Your task => Among the entries that follow, find every line with the word "gabs" and list it.

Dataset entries

(* Let $\mathcal M=(M,<,+,0,\ldots)$ be a definably complete expansion of an ordered group. Let $C\subseteq M^m$ and $P$ be definable sets with $C$ closed and bounded, and let $f:C\times P\to M$ be a definable function. Then $f$ is equi-continuous with respect to $P$ if and only if it is uniformly equi-continuous with respect to $P$.
   Context: ''Definable'' means definable in $\mathcal M$ with parameters; $(M,<)$ is dense without endpoints. Definably complete: every definable subset of $M$ has sup and inf in $M\cup\{\pm\infty\}$. For $x\in M^m$, $|x|$ denotes $\max_i|x_i|$. $f$ is equi-continuous with respect to $P$ if for all $\varepsilon>0$ and $x\in C$ there is $\delta>0$ such that for all $p\in P$ and $x'\in C$, $|x-x'|<\delta$ implies $|f(x,p)-f(x',p)|<\varepsilon$. It is uniformly equi-continuous with respect to $P$ if for all $\varepsilon>0$ there is $\delta>0$ such that for all $p\in P$ and $x,x'\in C$, $|x-x'|<\delta$ implies $|f(x,p)-f(x',p)|<\varepsilon$. *)

From mathcomp Require Import all_boot all_order all_algebra.
Set Implicit Arguments. Unset Strict Implicit. Unset Printing Implicit Defensive.
Import GRing.Theory.
Local Open Scope ring_scope.

(* An ordered abelian group (written additively) on the zmodType M with strict
   order [lt]; (M,<) is dense without endpoints (standing assumption). *)
Record ordered_group (M : zmodType) (lt : rel M) : Prop := {
  og_irr : forall x, ~~ lt x x;
  og_trans : forall x y z, lt x y -> lt y z -> lt x z;
  og_total : forall x y, [|| lt x y, x == y | lt y x];
  og_add : forall x y z, lt x y -> lt (x + z) (y + z);
  og_dense : forall x y, lt x y -> exists z, lt x z && lt z y;
  og_noright : forall x, exists y, lt x y;
  og_noleft : forall x, exists y, lt y x
}.

(* Points of M^n are lists of length n.  A family [def] of subsets of M^n
   (n : nat) is the family of sets definable with parameters in an expansion
   of (M,<,+,0) (van den Dries' notion of a structure on M, with all points
   and the graphs of <, + definable). *)
Record expansion (M : zmodType) (lt : rel M)
    (def : nat -> (seq M -> Prop) -> Prop) : Prop := {
  ex_size : forall n A, def n A -> forall s, A s -> size s = n;
  ex_full : forall n, def n (fun s => size s = n);
  ex_compl : forall n A, def n A -> def n (fun s => size s = n /\ ~ A s);
  ex_inter : forall n A B, def n A -> def n B -> def n (fun s => A s /\ B s);
  ex_prodl : forall n A, def n A -> def n.+1 (fun s => exists x t, s = x :: t /\ A t);
  ex_prodr : forall n A, def n A -> def n.+1 (fun s => exists x t, s = rcons t x /\ A t);
  ex_diag : forall n i j, (i < n)%N -> (j < n)%N ->
      def n (fun s => size s = n /\ nth 0 s i = nth 0 s j);
  ex_proj : forall n A, def n.+1 A -> def n (fun t => exists x, A (rcons t x));
  ex_point : forall a, def 1 (fun s => s = [:: a]);
  ex_lt : def 2 (fun s => exists x y, s = [:: x; y] /\ lt x y);
  ex_add : def 3 (fun s => exists x y, s = [:: x; y; x + y])
}.

Definition le_of (M : zmodType) (lt : rel M) (x y : M) := lt x y || (x == y).

Definition is_sup_ext (M : zmodType) (lt : rel M) (A : M -> Prop) : Prop :=
  (* sup = +oo *) (forall b, exists a, A a /\ ~~ le_of lt a b)
  \/ (* sup = -oo *) (forall a, ~ A a)
  \/ (* sup in M *) (exists s, (forall a, A a -> le_of lt a s) /\
                       (forall b, (forall a, A a -> le_of lt a b) -> le_of lt s b)).

Definition is_inf_ext (M : zmodType) (lt : rel M) (A : M -> Prop) : Prop :=
  (forall b, exists a, A a /\ ~~ le_of lt b a)
  \/ (forall a, ~ A a)
  \/ (exists s, (forall a, A a -> le_of lt s a) /\
                 (forall b, (forall a, A a -> le_of lt b a) -> le_of lt b s)).

Definition definably_complete (M : zmodType) (lt : rel M)
    (def : nat -> (seq M -> Prop) -> Prop) : Prop :=
  forall A : seq M -> Prop, def 1 A ->
    is_sup_ext lt (fun x => A [:: x]) /\ is_inf_ext lt (fun x => A [:: x]).

Definition gabs (M : zmodType) (lt : rel M) (x : M) : M :=
  if lt x 0 then - x else x.
Definition gmax (M : zmodType) (lt : rel M) (a b : M) : M :=
  if lt a b then b else a.
Definition tnorm (M : zmodType) (lt : rel M) (s : seq M) : M :=
  foldr (fun a acc => gmax lt (gabs lt a) acc) 0 s.
Definition tsub (M : zmodType) (x y : seq M) : seq M :=
  [seq a.1 - a.2 | a <- zip x y].

Definition closed_set (M : zmodType) (lt : rel M) (m : nat) (C : seq M -> Prop) :=
  forall y, size y = m -> ~ C y ->
    exists e, lt 0 e /\ forall z, size z = m -> lt (tnorm lt (tsub y z)) e -> ~ C z.

Definition bounded_set (M : zmodType) (lt : rel M) (C : seq M -> Prop) :=
  exists B, forall x, C x -> le_of lt (tnorm lt x) B.

Definition equi_continuous (M : zmodType) (lt : rel M) (C P : seq M -> Prop)
    (f : seq M -> seq M -> M) :=
  forall e, lt 0 e -> forall x, C x -> exists d, lt 0 d /\
    forall p x', P p -> C x' -> lt (tnorm lt (tsub x x')) d ->
      lt (gabs lt (f x p - f x' p)) e.

Definition uniformly_equi_continuous (M : zmodType) (lt : rel M) (C P : seq M -> Prop)
    (f : seq M -> seq M -> M) :=
  forall e, lt 0 e -> exists d, lt 0 d /\
    forall p x x', P p -> C x -> C x' -> lt (tnorm lt (tsub x x')) d ->
      lt (gabs lt (f x p - f x' p)) e.

(* If f is equicontinuous but not uniformly so, then for some e > 0 the set of
   pairs (x, d) for which some x' in C and p in P satisfy |x - x'| < d and
   |f(x, p) - f(x', p)| >= e is definable and meets every fibre d > 0.
   Definable completeness yields a point z approached by such x as d -> 0+:
   take the liminf of the first coordinate, keep the points whose first
   coordinate is d-close to it, and recurse on the remaining coordinates.
   As C is closed, z lies in C, and equicontinuity at z for e/2 contradicts the
   existence of a bad pair (x, x') close to z. *)

From mathcomp Require Import all_boot all_order all_algebra zify.
From Stdlib Require Import Classical FunctionalExtensionality PropExtensionality.
Set Implicit Arguments. Unset Strict Implicit. Unset Printing Implicit Defensive.
Import GRing.Theory.
Local Open Scope ring_scope.

Lemma nth_cat_addn (T : Type) (x0 : T) (s t : seq T) n i : size s = n ->
  nth x0 (s ++ t) (n + i) = nth x0 t i.
Proof. by move=> <-; rewrite nth_cat ltnNge leq_addr addKn. Qed.

Lemma map_nth_iota_cat (T : Type) (x0 : T) (a b : seq T) n k :
  size a = n -> (k <= size b)%N -> map (nth x0 (a ++ b)) (iota n k) = take k b.
Proof. by move=> ha hk; rewrite map_nth_iota ?(drop_size_cat _ ha) // size_cat ha addKn. Qed.

Lemma map_nth_iota_catl (T : Type) (x0 : T) (s t : seq T) a b : (a + b <= size s)%N ->
  map (nth x0 (s ++ t)) (iota a b) = map (nth x0 s) (iota a b).
Proof.
move=> hab; apply/eq_in_map => i; rewrite mem_iota => /andP [_ hi].
by rewrite nth_cat (leq_trans hi hab).
Qed.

Reply =>
Definition gabs (M : zmodType) (lt : rel M) (x : M) : M :=
  foldr (fun a acc => gmax lt (gabs lt a) acc) 0 s.
      lt (gabs lt (f x p - f x' p)) e.
      lt (gabs lt (f x p - f x' p)) e.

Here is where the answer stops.